> [Exercise] Word for word, reproduce each entry.

> [Provided records]
(* Let $n\ge2$, let $\lambda_1\ge\dots\ge\lambda_n$ be real numbers, and let $\mu_1\ge\dots\ge\mu_{n-1}$ be the critical points (roots of the derivative, with multiplicity) of $q(x)=\prod_{j=1}^n(x-\lambda_j)$. Then for all integers $1\le\ell\le r\le n-1$, $$\sum_{j=\ell}^r\lambda_{j+1}+\frac{1}{r+1}\sum_{j=\ell}^r(\lambda_\ell-\lambda_{j+1})\le\sum_{j=\ell}^r\mu_j\le\sum_{j=\ell}^r\lambda_j-\frac{1}{n-\ell+1}\sum_{j=\ell}^r(\lambda_j-\lambda_{r+1}).$$ Equivalently, $$\frac{r}{r+1}\sum_{j=\ell}^r\lambda_{j+1}+\frac{r-\ell+1}{r+1}\lambda_\ell\le\sum_{j=\ell}^r\mu_j\le\frac{n-\ell}{n-\ell+1}\sum_{j=\ell}^r\lambda_j+\frac{r-\ell+1}{n-\ell+1}\lambda_{r+1}.$$ *)

From HB Require Import structures.
From mathcomp Require Import all_boot all_order all_algebra.
From mathcomp Require Export reals.
Set Implicit Arguments. Unset Strict Implicit. Unset Printing Implicit Defensive.
Import Order.TTheory GRing.Theory Num.Theory.
Local Open Scope ring_scope.

Definition rootpoly (R : nzRingType) (lam : nat -> R) (n : nat) : {poly R} :=
  \prod_(1 <= j < n.+1) ('X - (lam j)%:P).

(* The critical points interlace the roots, [lam j.+1 <= mu j <= lam j] (Rolle plus
   multiplicity counting for the lower half, reflection [x |-> -x] for the upper).
   For the upper bound, fix the window [l..r] and let [Q] be the polynomial with roots
   [lam l, ..., lam r] and [c = lam r.+1]. The critical points of [(X - c)^(n - r) Q]
   other than [c] are the roots of [E = (n - r) Q + (X - c) Q'], whose sum is exactly
   the right-hand side of the upper bound; so the claim says that a coefficient of
   [D = E - (n - l + 1) K], with [K] the polynomial with roots [mu l, ..., mu r],
   is nonpositive.  After dividing out the factors shared by all three polynomials
   (repeated roots [lam u = lam u.+1 = mu u]), that coefficient is a Lagrange sum over
   the remaining critical points [mu t], and each term is nonpositive because
   [sum_i 1 / (mu t - lam i) = 0].  The lower bound is the upper bound for the
   reflected polynomial [q(-x)]. *)

From HB Require Import structures.
From mathcomp Require Import all_boot all_order all_algebra.
From mathcomp Require Import reals.
From mathcomp Require Import polyorder polyrcf.
From mathcomp Require Import zify ring lra.
Import Order.TTheory GRing.Theory Num.Theory.
Local Open Scope ring_scope.
Set Implicit Arguments. Unset Strict Implicit. Unset Printing Implicit Defensive.

Definition cnt (a b : nat) (P : pred nat) : nat := (\sum_(a <= i < b) P i)%N.

Section Counting.
Implicit Types (a b : nat) (P Q U T : pred nat).

Lemma leq_cnt a b P Q : (forall i, (a <= i < b)%N -> P i -> Q i) ->
  (cnt a b P <= cnt a b Q)%N.
Proof.
move=> PQ; rewrite /cnt big_nat [X in (_ <= X)%N]big_nat; apply: leq_sum => i ri.
by case: (P i) (PQ i ri) => // ->.
Qed.

Lemma eq_cnt a b P Q : (forall i, (a <= i < b)%N -> P i = Q i) -> cnt a b P = cnt a b Q.
Proof. by move=> PQ; rewrite /cnt big_nat [RHS]big_nat; apply: eq_bigr => i /PQ->. Qed.

Lemma cnt_cat a b c P : (a <= b)%N -> (b <= c)%N ->
  cnt a c P = (cnt a b P + cnt b c P)%N.
Proof. by move=> ab bc; rewrite /cnt (big_cat_nat ab bc). Qed.

Lemma cnt_recl a b P : (a < b)%N -> cnt a b P = (P a + cnt a.+1 b P)%N.
Proof. by move=> ab; rewrite /cnt big_ltn. Qed.

Lemma cnt_gt0 a b P t : (a <= t < b)%N -> P t -> (0 < cnt a b P)%N.
Proof.
move=> /andP[ai ib] Pt; rewrite (cnt_cat _ ai (ltnW ib)) (cnt_recl _ ib) Pt.
by rewrite addnCA add1n.
Qed.

Lemma cnt_leq a b P : (cnt a b P <= b - a)%N.
Proof.
rewrite /cnt /index_iota; move: (b - a)%N => k; elim: k a => [|k IH] a; first by rewrite big_nil.
by rewrite /= big_cons; move: (IH a.+1); case: (P a) => /=; lia.
Qed.

Lemma cnt_pred0 a b P : (forall i, (a <= i < b)%N -> ~~ P i) -> cnt a b P = 0%N.
Proof. by move=> nP; rewrite /cnt big_nat big1 // => i /nP/negPf->. Qed.

Lemma cnt_predT a b P : (forall i, (a <= i < b)%N -> P i) -> cnt a b P = (b - a)%N.
Proof.
move=> allP; rewrite /cnt big_nat (eq_bigr (fun=> 1%N)) => [|i /allP-> //].
by rewrite -big_nat sum1_size size_iota.
Qed.

Lemma leq_cntD a b P Q T : (forall i, (a <= i < b)%N -> (T i <= P i + Q i)%N) ->
  (cnt a b T <= cnt a b P + cnt a b Q)%N.
Proof.
move=> h; rewrite /cnt -big_split /= big_nat [X in (_ <= X)%N]big_nat.
exact: leq_sum.
Qed.

Lemma cntD_leq a b P Q T : (forall i, (a <= i < b)%N -> (P i + Q i <= T i)%N) ->
  (cnt a b P + cnt a b Q <= cnt a b T)%N.
Proof.
move=> h; rewrite /cnt -big_split /= big_nat [X in (_ <= X)%N]big_nat.
exact: leq_sum.
Qed.

Lemma cntD3_leq a b P Q U T :
  (forall i, (a <= i < b)%N -> (P i + Q i + U i <= T i)%N) ->
  (cnt a b P + cnt a b Q + cnt a b U <= cnt a b T)%N.
Proof.
move=> h; rewrite /cnt -!big_split /= big_nat [X in (_ <= X)%N]big_nat.
exact: leq_sum.
Qed.

End Counting.

Definition prodX (R : nzRingType) (a b : nat) (f : nat -> R) : {poly R} :=
  \prod_(a <= i < b) ('X - (f i)%:P).

Section ProdX.
Variable R : fieldType.
Implicit Types (a b : nat) (f : nat -> R).

Lemma size_prod_XsubC_cond (s : seq nat) (P : pred nat) f :
  size (\prod_(u <- s | P u) ('X - (f u)%:P)) = (count P s).+1.
Proof. by rewrite -big_filter size_prod_XsubC size_filter. Qed.

Lemma horner_prod_XsubC (s : seq nat) (P : pred nat) f x :
  (\prod_(u <- s | P u) ('X - (f u)%:P)).[x] = \prod_(u <- s | P u) (x - f u).
Proof. by rewrite horner_prod; apply: eq_bigr => i _; rewrite hornerXsubC. Qed.

Lemma monic_prodX a b f : prodX a b f \is monic.
Proof. exact: monic_prod_XsubC. Qed.

Lemma size_prodX a b f : size (prodX a b f) = (b - a).+1.
Proof. by rewrite size_prod_XsubC size_iota. Qed.

Lemma horner_prodX a b f x : (prodX a b f).[x] = \prod_(a <= i < b) (x - f i).
Proof. exact: horner_prod_XsubC. Qed.

Lemma root_prodX a b f x : root (prodX a b f) x = (x \in map f (index_iota a b)).
Proof. by rewrite /prodX -(big_map f predT (fun y => 'X - y%:P)) root_prod_XsubC. Qed.

Lemma root_prodX_at a b f t : (a <= t < b)%N -> root (prodX a b f) (f t).
Proof. by move=> rt; rewrite root_prodX map_f // mem_index_iota. Qed.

> [Solution for this problem]
(* Let $n\ge2$, let $\lambda_1\ge\dots\ge\lambda_n$ be real numbers, and let $\mu_1\ge\dots\ge\mu_{n-1}$ be the critical points (roots of the derivative, with multiplicity) of $q(x)=\prod_{j=1}^n(x-\lambda_j)$. Then for all integers $1\le\ell\le r\le n-1$, $$\sum_{j=\ell}^r\lambda_{j+1}+\frac{1}{r+1}\sum_{j=\ell}^r(\lambda_\ell-\lambda_{j+1})\le\sum_{j=\ell}^r\mu_j\le\sum_{j=\ell}^r\lambda_j-\frac{1}{n-\ell+1}\sum_{j=\ell}^r(\lambda_j-\lambda_{r+1}).$$ Equivalently, $$\frac{r}{r+1}\sum_{j=\ell}^r\lambda_{j+1}+\frac{r-\ell+1}{r+1}\lambda_\ell\le\sum_{j=\ell}^r\mu_j\le\frac{n-\ell}{n-\ell+1}\sum_{j=\ell}^r\lambda_j+\frac{r-\ell+1}{n-\ell+1}\lambda_{r+1}.$$ *)

From HB Require Import structures.
From mathcomp Require Import all_boot all_order all_algebra.
From mathcomp Require Export reals.
Set Implicit Arguments. Unset Strict Implicit. Unset Printing Implicit Defensive.
Import Order.TTheory GRing.Theory Num.Theory.
Local Open Scope ring_scope.

Definition rootpoly (R : nzRingType) (lam : nat -> R) (n : nat) : {poly R} :=
  \prod_(1 <= j < n.+1) ('X - (lam j)%:P).

(* The critical points interlace the roots, [lam j.+1 <= mu j <= lam j] (Rolle plus
   multiplicity counting for the lower half, reflection [x |-> -x] for the upper).
   For the upper bound, fix the window [l..r] and let [Q] be the polynomial with roots
   [lam l, ..., lam r] and [c = lam r.+1]. The critical points of [(X - c)^(n - r) Q]
   other than [c] are the roots of [E = (n - r) Q + (X - c) Q'], whose sum is exactly
   the right-hand side of the upper bound; so the claim says that a coefficient of
   [D = E - (n - l + 1) K], with [K] the polynomial with roots [mu l, ..., mu r],
   is nonpositive.  After dividing out the factors shared by all three polynomials
   (repeated roots [lam u = lam u.+1 = mu u]), that coefficient is a Lagrange sum over
   the remaining critical points [mu t], and each term is nonpositive because
   [sum_i 1 / (mu t - lam i) = 0].  The lower bound is the upper bound for the
   reflected polynomial [q(-x)]. *)

From HB Require Import structures.
From mathcomp Require Import all_boot all_order all_algebra.
From mathcomp Require Import reals.
From mathcomp Require Import polyorder polyrcf.
From mathcomp Require Import zify ring lra.
Import Order.TTheory GRing.Theory Num.Theory.
Local Open Scope ring_scope.
Set Implicit Arguments. Unset Strict Implicit. Unset Printing Implicit Defensive.

Definition cnt (a b : nat) (P : pred nat) : nat := (\sum_(a <= i < b) P i)%N.

Section Counting.
Implicit Types (a b : nat) (P Q U T : pred nat).

Lemma leq_cnt a b P Q : (forall i, (a <= i < b)%N -> P i -> Q i) ->
  (cnt a b P <= cnt a b Q)%N.
Proof.
move=> PQ; rewrite /cnt big_nat [X in (_ <= X)%N]big_nat; apply: leq_sum => i ri.
by case: (P i) (PQ i ri) => // ->.
Qed.

Lemma eq_cnt a b P Q : (forall i, (a <= i < b)%N -> P i = Q i) -> cnt a b P = cnt a b Q.
Proof. by move=> PQ; rewrite /cnt big_nat [RHS]big_nat; apply: eq_bigr => i /PQ->. Qed.

Lemma cnt_cat a b c P : (a <= b)%N -> (b <= c)%N ->
  cnt a c P = (cnt a b P + cnt b c P)%N.
Proof. by move=> ab bc; rewrite /cnt (big_cat_nat ab bc). Qed.

Lemma cnt_recl a b P : (a < b)%N -> cnt a b P = (P a + cnt a.+1 b P)%N.
Proof. by move=> ab; rewrite /cnt big_ltn. Qed.

Lemma cnt_gt0 a b P t : (a <= t < b)%N -> P t -> (0 < cnt a b P)%N.
Proof.
move=> /andP[ai ib] Pt; rewrite (cnt_cat _ ai (ltnW ib)) (cnt_recl _ ib) Pt.
by rewrite addnCA add1n.
Qed.

Lemma cnt_leq a b P : (cnt a b P <= b - a)%N.
Proof.
rewrite /cnt /index_iota; move: (b - a)%N => k; elim: k a => [|k IH] a; first by rewrite big_nil.
by rewrite /= big_cons; move: (IH a.+1); case: (P a) => /=; lia.
Qed.

Lemma cnt_pred0 a b P : (forall i, (a <= i < b)%N -> ~~ P i) -> cnt a b P = 0%N.
Proof. by move=> nP; rewrite /cnt big_nat big1 // => i /nP/negPf->. Qed.

Lemma cnt_predT a b P : (forall i, (a <= i < b)%N -> P i) -> cnt a b P = (b - a)%N.
Proof.
move=> allP; rewrite /cnt big_nat (eq_bigr (fun=> 1%N)) => [|i /allP-> //].
by rewrite -big_nat sum1_size size_iota.
Qed.

Lemma leq_cntD a b P Q T : (forall i, (a <= i < b)%N -> (T i <= P i + Q i)%N) ->
  (cnt a b T <= cnt a b P + cnt a b Q)%N.
Proof.
move=> h; rewrite /cnt -big_split /= big_nat [X in (_ <= X)%N]big_nat.
exact: leq_sum.
Qed.

Lemma cntD_leq a b P Q T : (forall i, (a <= i < b)%N -> (P i + Q i <= T i)%N) ->
  (cnt a b P + cnt a b Q <= cnt a b T)%N.
Proof.
move=> h; rewrite /cnt -big_split /= big_nat [X in (_ <= X)%N]big_nat.
exact: leq_sum.
Qed.

Lemma cntD3_leq a b P Q U T :
  (forall i, (a <= i < b)%N -> (P i + Q i + U i <= T i)%N) ->
  (cnt a b P + cnt a b Q + cnt a b U <= cnt a b T)%N.
Proof.
move=> h; rewrite /cnt -!big_split /= big_nat [X in (_ <= X)%N]big_nat.
exact: leq_sum.
Qed.

End Counting.

Definition prodX (R : nzRingType) (a b : nat) (f : nat -> R) : {poly R} :=
  \prod_(a <= i < b) ('X - (f i)%:P).

Section ProdX.
Variable R : fieldType.
Implicit Types (a b : nat) (f : nat -> R).

Lemma size_prod_XsubC_cond (s : seq nat) (P : pred nat) f :
  size (\prod_(u <- s | P u) ('X - (f u)%:P)) = (count P s).+1.
Proof. by rewrite -big_filter size_prod_XsubC size_filter. Qed.

Lemma horner_prod_XsubC (s : seq nat) (P : pred nat) f x :
  (\prod_(u <- s | P u) ('X - (f u)%:P)).[x] = \prod_(u <- s | P u) (x - f u).
Proof. by rewrite horner_prod; apply: eq_bigr => i _; rewrite hornerXsubC. Qed.

Lemma monic_prodX a b f : prodX a b f \is monic.
Proof. exact: monic_prod_XsubC. Qed.

Lemma size_prodX a b f : size (prodX a b f) = (b - a).+1.
Proof. by rewrite size_prod_XsubC size_iota. Qed.

Lemma horner_prodX a b f x : (prodX a b f).[x] = \prod_(a <= i < b) (x - f i).
Proof. exact: horner_prod_XsubC. Qed.

Lemma root_prodX a b f x : root (prodX a b f) x = (x \in map f (index_iota a b)).
Proof. by rewrite /prodX -(big_map f predT (fun y => 'X - y%:P)) root_prod_XsubC. Qed.

Lemma root_prodX_at a b f t : (a <= t < b)%N -> root (prodX a b f) (f t).
Proof. by move=> rt; rewrite root_prodX map_f // mem_index_iota. Qed.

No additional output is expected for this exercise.